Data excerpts
(* If a minimal path P1 P2 ea s admits the shortcut P1 eb s, where P2 is a
   nonempty detour and eb has the colour of ea, then eb is strictly heavier
   than ea: otherwise the shortcut would dominate the path. *)
Lemma shortcut_heavier P1 P2 ea eb s :
  minimal (P1 ++ P2 ++ ea :: s) -> cpath (P1 ++ eb :: s) ->
  ~~ nilp P2 -> col ea = col eb -> w ea < w eb.
Proof.
move=> [_ hmin] hr hP2 hc; rewrite ltNge; apply/negP => hle; apply: hmin.
exists (P1 ++ eb :: s); split => //; split.
  move=> c; rewrite !cweight_cat !cweight_cons hc.
  by have := cweight_ge0 c P2; case: (col eb == c) => /=; lra.
case: P2 hP2 => [|e0 P2] // _; exists (col e0).
rewrite !cweight_cat !cweight_cons eqxx hc.
by have := cweight_ge0 (col e0) P2; have := hw e0; case: (col eb == col e0) => /=; lra.
Qed.

Definition same_incol (p q : seq E) : Prop :=
  forall x, x != u -> incol dst col p x = incol dst col q x.

(* The source of eb is visited by p' (or is u): it is visited by q', and
   the agreeing signatures transfer this to p' ea s, where it can be
   neither dst ea (no loops) nor a vertex of s (uniqueness in q). *)
Lemma source_visited p' q' ea eb s :
  cpath (p' ++ ea :: s) -> cpath (q' ++ eb :: s) ->
  same_incol (p' ++ ea :: s) (q' ++ eb :: s) -> dst ea = dst eb ->
  src eb \in u :: map dst p'.
Proof.
rewrite /cpath !cpathE => /and4P[_ _ _ /andP[_ hup]] /and4P[_ hwq _ huq] hinc hd.
move: hwq; rewrite walk_cat => /andP[_ /= /andP[/eqP hsb _]].
have : src eb \in u :: map dst q' by rewrite hsb /endv mem_last.
rewrite !inE => /orP[-> //|hbq]; apply/orP; right.
move: huq => /= /andP[hu huq]; have hbu : src eb != u.
  by apply: contraNneq hu => <-; rewrite map_cat mem_cat hbq.
have : incol dst col (q' ++ eb :: s) (src eb) != None.
  by case/mapP: hbq => e he ->; rewrite (incol_mem col huq) // mem_cat he.
rewrite -hinc // => /incol_some; rewrite map_cat mem_cat inE.
case/orP => [//|/orP[/eqP hh|hh]]; first by move: (hloop eb); rewrite hh hd eqxx.
move: huq; rewrite map_cat cat_uniq => /and3P[_ /hasPn /(_ (src eb)) hn _].
by move: hn; rewrite /= inE hh orbT hbq => /(_ isT).
Qed.

Lemma shortcut_exists p' q' ea eb s :
  cpath (p' ++ ea :: s) -> cpath (q' ++ eb :: s) ->
  same_incol (p' ++ ea :: s) (q' ++ eb :: s) ->
  dst ea = dst eb -> src ea != src eb ->
  exists P1 P2, p' = P1 ++ P2 /\ ~~ nilp P2 /\ cpath (P1 ++ eb :: s).
Proof.
move=> hp hq hinc hd hne.
have [P1 [P2 [hp' hend]]] := split_at (source_visited hp hq hinc hd).
move: hp hq; rewrite /cpath !cpathE => /and4P[_ hwp hep hup] /and4P[_ hwq _ _].
move: hwp; rewrite walk_cat => /andP[hwp' /= /andP[/eqP hsa _]].
move: hwq; rewrite walk_cat => /andP[_ /= /andP[/eqP hsb hws]].
exists P1, P2; split=> //; split.
  by case: P2 hp' => [|e P2] // hp'; move: hne; rewrite hsa hp' cats0 hend eqxx.
rewrite cpathE; apply/and4P; split.
- by case: P1 {hp' hend}.
- rewrite walk_cat /= hend eqxx /= hws andbT.
  by move: hwp'; rewrite hp' walk_cat => /andP[].
- by move: hep; rewrite !endv_cat !endv_cons hd.
- apply: subseq_uniq hup; rewrite hp' -catA !map_cat /= hd.
  have := cat_subseq (subseq_refl (u :: map dst P1))
    (suffix_subseq (map dst P2) (dst eb :: map dst s)).
  by rewrite !cat_cons.
Qed.

Lemma last_edges_agree p' q' ea eb s :
  cpath (p' ++ ea :: s) -> cpath (q' ++ eb :: s) ->
  same_incol (p' ++ ea :: s) (q' ++ eb :: s) ->
  dst ea = dst eb /\ col ea = col eb.
Proof.
move=> hp hq hinc.
move: (hp) (hq); rewrite /cpath !cpathE => /and4P[_ hwp hep hup] /and4P[_ hwq heq huq].
move: hwp hwq; rewrite !walk_cat => /andP[_ /andP[_ hws]] /andP[_ /andP[_ hws']].
have hd : dst ea = dst eb.
  apply: walk_start_inj hws hws' _.
  by move: hep heq; rewrite !endv_cat !endv_cons => /eqP -> /eqP ->.
split=> //; move: hup huq => /= /andP[hu hup] /andP[_ huq].
have hdu : dst ea != u.
  by apply: contraNneq hu => <-; rewrite map_f // mem_cat mem_head orbT.
move: (hinc _ hdu); rewrite (incol_mem col hup) ?mem_cat ?mem_head ?orbT //.
by rewrite hd (incol_mem col huq) ?mem_cat ?mem_head ?orbT // => -[].
Qed.

(* Minimal paths with a common suffix and agreeing signatures have the same
   last edge before that suffix: distinct last edges would give shortcuts of
   both paths, each forcing its replaced edge to be strictly lighter. *)
Lemma same_last_edge p' q' ea eb s :
  minimal (p' ++ ea :: s) -> minimal (q' ++ eb :: s) ->
  same_incol (p' ++ ea :: s) (q' ++ eb :: s) -> ea = eb.
Proof.
move=> hpm hqm hinc; have [hp _] := hpm; have [hq _] := hqm.
have [hd hc] := last_edges_agree hp hq hinc.
have [//|hne] := eqVneq ea eb.
have hsne : src ea != src eb.
  by apply: contra hne => /eqP hs; apply/eqP; apply: hsimple.
have [P1 [P2 [hp' [hP2 hr]]]] := shortcut_exists hp hq hinc hd hsne.
have hinc' : same_incol (q' ++ eb :: s) (p' ++ ea :: s).
  by move=> x /hinc ->.
have [Q1 [Q2 [hq' [hQ2 hr']]]] :=
  shortcut_exists hq hp hinc' (esym hd) (contra_neq esym hsne).
rewrite hp' -catA in hpm; rewrite hq' -catA in hqm.
have := lt_trans (shortcut_heavier hpm hr hP2 hc) (shortcut_heavier hqm hr' hQ2 (esym hc)).
by rewrite ltxx.
Qed.

(* Main injectivity statement, generalised to a common suffix s for the
   induction on the total length of the differing prefixes. *)
Lemma minimal_prefix_inj N p q s :
  (size p + size q <= N)%N -> minimal (p ++ s) -> minimal (q ++ s) ->
  same_incol (p ++ s) (q ++ s) -> p = q.
Proof.
elim: N p q s => [|N IH] p q s; first by case: p; case: q.
case/lastP: p => [|p' ea]; case/lastP: q => [|q' eb] //; rewrite ?cat_rcons.
- by move=> _ [hp _] [hq _]; case/negP: (no_proper_suffix_path q' eb hp).
- by move=> _ [hp _] [hq _]; case/negP: (no_proper_suffix_path p' ea hq).
rewrite !size_rcons addSn addnS ltnS => hN hpm hqm hinc.
have eab := same_last_edge hpm hqm hinc; subst eb.
by rewrite (IH p' q' (ea :: s)) // ltnW.
Qed.

Lemma minimal_path_incol_inj p q :
  minimal p -> minimal q -> same_incol p q -> p = q.
Proof.
move=> hp hq hinc.
by apply: (@minimal_prefix_inj _ p q [::]); rewrite ?cats0.
Qed.

End MinimalPaths.

Lemma card_other_two (T : finType) (a b : T) :
  a != b -> #|{: {x : T | (x != a) && (x != b)}}| = (#|T| - 2)%N.
Proof.
move=> hab; have := cardsC [set a; b]; rewrite cards2 hab => hC.
rewrite card_sig -hC addKn; apply: eq_card => x.
by rewrite !inE negb_or.
Qed.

* [What you have to do]:
Go through the entries above and write each one out exactly.

* [Answer to this problem]:
(* If a minimal path P1 P2 ea s admits the shortcut P1 eb s, where P2 is a
   nonempty detour and eb has the colour of ea, then eb is strictly heavier
   than ea: otherwise the shortcut would dominate the path. *)
Lemma shortcut_heavier P1 P2 ea eb s :
  minimal (P1 ++ P2 ++ ea :: s) -> cpath (P1 ++ eb :: s) ->
  ~~ nilp P2 -> col ea = col eb -> w ea < w eb.
Proof.
move=> [_ hmin] hr hP2 hc; rewrite ltNge; apply/negP => hle; apply: hmin.
exists (P1 ++ eb :: s); split => //; split.
  move=> c; rewrite !cweight_cat !cweight_cons hc.
  by have := cweight_ge0 c P2; case: (col eb == c) => /=; lra.
case: P2 hP2 => [|e0 P2] // _; exists (col e0).
rewrite !cweight_cat !cweight_cons eqxx hc.
by have := cweight_ge0 (col e0) P2; have := hw e0; case: (col eb == col e0) => /=; lra.
Qed.

Definition same_incol (p q : seq E) : Prop :=
  forall x, x != u -> incol dst col p x = incol dst col q x.

(* The source of eb is visited by p' (or is u): it is visited by q', and
   the agreeing signatures transfer this to p' ea s, where it can be
   neither dst ea (no loops) nor a vertex of s (uniqueness in q). *)
Lemma source_visited p' q' ea eb s :
  cpath (p' ++ ea :: s) -> cpath (q' ++ eb :: s) ->
  same_incol (p' ++ ea :: s) (q' ++ eb :: s) -> dst ea = dst eb ->
  src eb \in u :: map dst p'.
Proof.
rewrite /cpath !cpathE => /and4P[_ _ _ /andP[_ hup]] /and4P[_ hwq _ huq] hinc hd.
move: hwq; rewrite walk_cat => /andP[_ /= /andP[/eqP hsb _]].
have : src eb \in u :: map dst q' by rewrite hsb /endv mem_last.
rewrite !inE => /orP[-> //|hbq]; apply/orP; right.
move: huq => /= /andP[hu huq]; have hbu : src eb != u.
  by apply: contraNneq hu => <-; rewrite map_cat mem_cat hbq.
have : incol dst col (q' ++ eb :: s) (src eb) != None.
  by case/mapP: hbq => e he ->; rewrite (incol_mem col huq) // mem_cat he.
rewrite -hinc // => /incol_some; rewrite map_cat mem_cat inE.
case/orP => [//|/orP[/eqP hh|hh]]; first by move: (hloop eb); rewrite hh hd eqxx.
move: huq; rewrite map_cat cat_uniq => /and3P[_ /hasPn /(_ (src eb)) hn _].
by move: hn; rewrite /= inE hh orbT hbq => /(_ isT).
Qed.

Lemma shortcut_exists p' q' ea eb s :
  cpath (p' ++ ea :: s) -> cpath (q' ++ eb :: s) ->
  same_incol (p' ++ ea :: s) (q' ++ eb :: s) ->
  dst ea = dst eb -> src ea != src eb ->
  exists P1 P2, p' = P1 ++ P2 /\ ~~ nilp P2 /\ cpath (P1 ++ eb :: s).
Proof.
move=> hp hq hinc hd hne.
have [P1 [P2 [hp' hend]]] := split_at (source_visited hp hq hinc hd).
move: hp hq; rewrite /cpath !cpathE => /and4P[_ hwp hep hup] /and4P[_ hwq _ _].
move: hwp; rewrite walk_cat => /andP[hwp' /= /andP[/eqP hsa _]].
move: hwq; rewrite walk_cat => /andP[_ /= /andP[/eqP hsb hws]].
exists P1, P2; split=> //; split.
  by case: P2 hp' => [|e P2] // hp'; move: hne; rewrite hsa hp' cats0 hend eqxx.
rewrite cpathE; apply/and4P; split.
- by case: P1 {hp' hend}.
- rewrite walk_cat /= hend eqxx /= hws andbT.
  by move: hwp'; rewrite hp' walk_cat => /andP[].
- by move: hep; rewrite !endv_cat !endv_cons hd.
- apply: subseq_uniq hup; rewrite hp' -catA !map_cat /= hd.
  have := cat_subseq (subseq_refl (u :: map dst P1))
    (suffix_subseq (map dst P2) (dst eb :: map dst s)).
  by rewrite !cat_cons.
Qed.

Lemma last_edges_agree p' q' ea eb s :
  cpath (p' ++ ea :: s) -> cpath (q' ++ eb :: s) ->
  same_incol (p' ++ ea :: s) (q' ++ eb :: s) ->
  dst ea = dst eb /\ col ea = col eb.
Proof.
move=> hp hq hinc.
move: (hp) (hq); rewrite /cpath !cpathE => /and4P[_ hwp hep hup] /and4P[_ hwq heq huq].
move: hwp hwq; rewrite !walk_cat => /andP[_ /andP[_ hws]] /andP[_ /andP[_ hws']].
have hd : dst ea = dst eb.
  apply: walk_start_inj hws hws' _.
  by move: hep heq; rewrite !endv_cat !endv_cons => /eqP -> /eqP ->.
split=> //; move: hup huq => /= /andP[hu hup] /andP[_ huq].
have hdu : dst ea != u.
  by apply: contraNneq hu => <-; rewrite map_f // mem_cat mem_head orbT.
move: (hinc _ hdu); rewrite (incol_mem col hup) ?mem_cat ?mem_head ?orbT //.
by rewrite hd (incol_mem col huq) ?mem_cat ?mem_head ?orbT // => -[].
Qed.

(* Minimal paths with a common suffix and agreeing signatures have the same
   last edge before that suffix: distinct last edges would give shortcuts of
   both paths, each forcing its replaced edge to be strictly lighter. *)
Lemma same_last_edge p' q' ea eb s :
  minimal (p' ++ ea :: s) -> minimal (q' ++ eb :: s) ->
  same_incol (p' ++ ea :: s) (q' ++ eb :: s) -> ea = eb.
Proof.
move=> hpm hqm hinc; have [hp _] := hpm; have [hq _] := hqm.
have [hd hc] := last_edges_agree hp hq hinc.
have [//|hne] := eqVneq ea eb.
have hsne : src ea != src eb.
  by apply: contra hne => /eqP hs; apply/eqP; apply: hsimple.
have [P1 [P2 [hp' [hP2 hr]]]] := shortcut_exists hp hq hinc hd hsne.
have hinc' : same_incol (q' ++ eb :: s) (p' ++ ea :: s).
  by move=> x /hinc ->.
have [Q1 [Q2 [hq' [hQ2 hr']]]] :=
  shortcut_exists hq hp hinc' (esym hd) (contra_neq esym hsne).
rewrite hp' -catA in hpm; rewrite hq' -catA in hqm.
have := lt_trans (shortcut_heavier hpm hr hP2 hc) (shortcut_heavier hqm hr' hQ2 (esym hc)).
by rewrite ltxx.
Qed.

(* Main injectivity statement, generalised to a common suffix s for the
   induction on the total length of the differing prefixes. *)
Lemma minimal_prefix_inj N p q s :
  (size p + size q <= N)%N -> minimal (p ++ s) -> minimal (q ++ s) ->
  same_incol (p ++ s) (q ++ s) -> p = q.
Proof.
elim: N p q s => [|N IH] p q s; first by case: p; case: q.
case/lastP: p => [|p' ea]; case/lastP: q => [|q' eb] //; rewrite ?cat_rcons.
- by move=> _ [hp _] [hq _]; case/negP: (no_proper_suffix_path q' eb hp).
- by move=> _ [hp _] [hq _]; case/negP: (no_proper_suffix_path p' ea hq).
rewrite !size_rcons addSn addnS ltnS => hN hpm hqm hinc.
have eab := same_last_edge hpm hqm hinc; subst eb.
by rewrite (IH p' q' (ea :: s)) // ltnW.
Qed.

Lemma minimal_path_incol_inj p q :
  minimal p -> minimal q -> same_incol p q -> p = q.
Proof.
move=> hp hq hinc.
by apply: (@minimal_prefix_inj _ p q [::]); rewrite ?cats0.
Qed.

End MinimalPaths.

Lemma card_other_two (T : finType) (a b : T) :
  a != b -> #|{: {x : T | (x != a) && (x != b)}}| = (#|T| - 2)%N.
Proof.
move=> hab; have := cardsC [set a; b]; rewrite cards2 hab => hC.
rewrite card_sig -hC addKn; apply: eq_card => x.
by rewrite !inE negb_or.
Qed.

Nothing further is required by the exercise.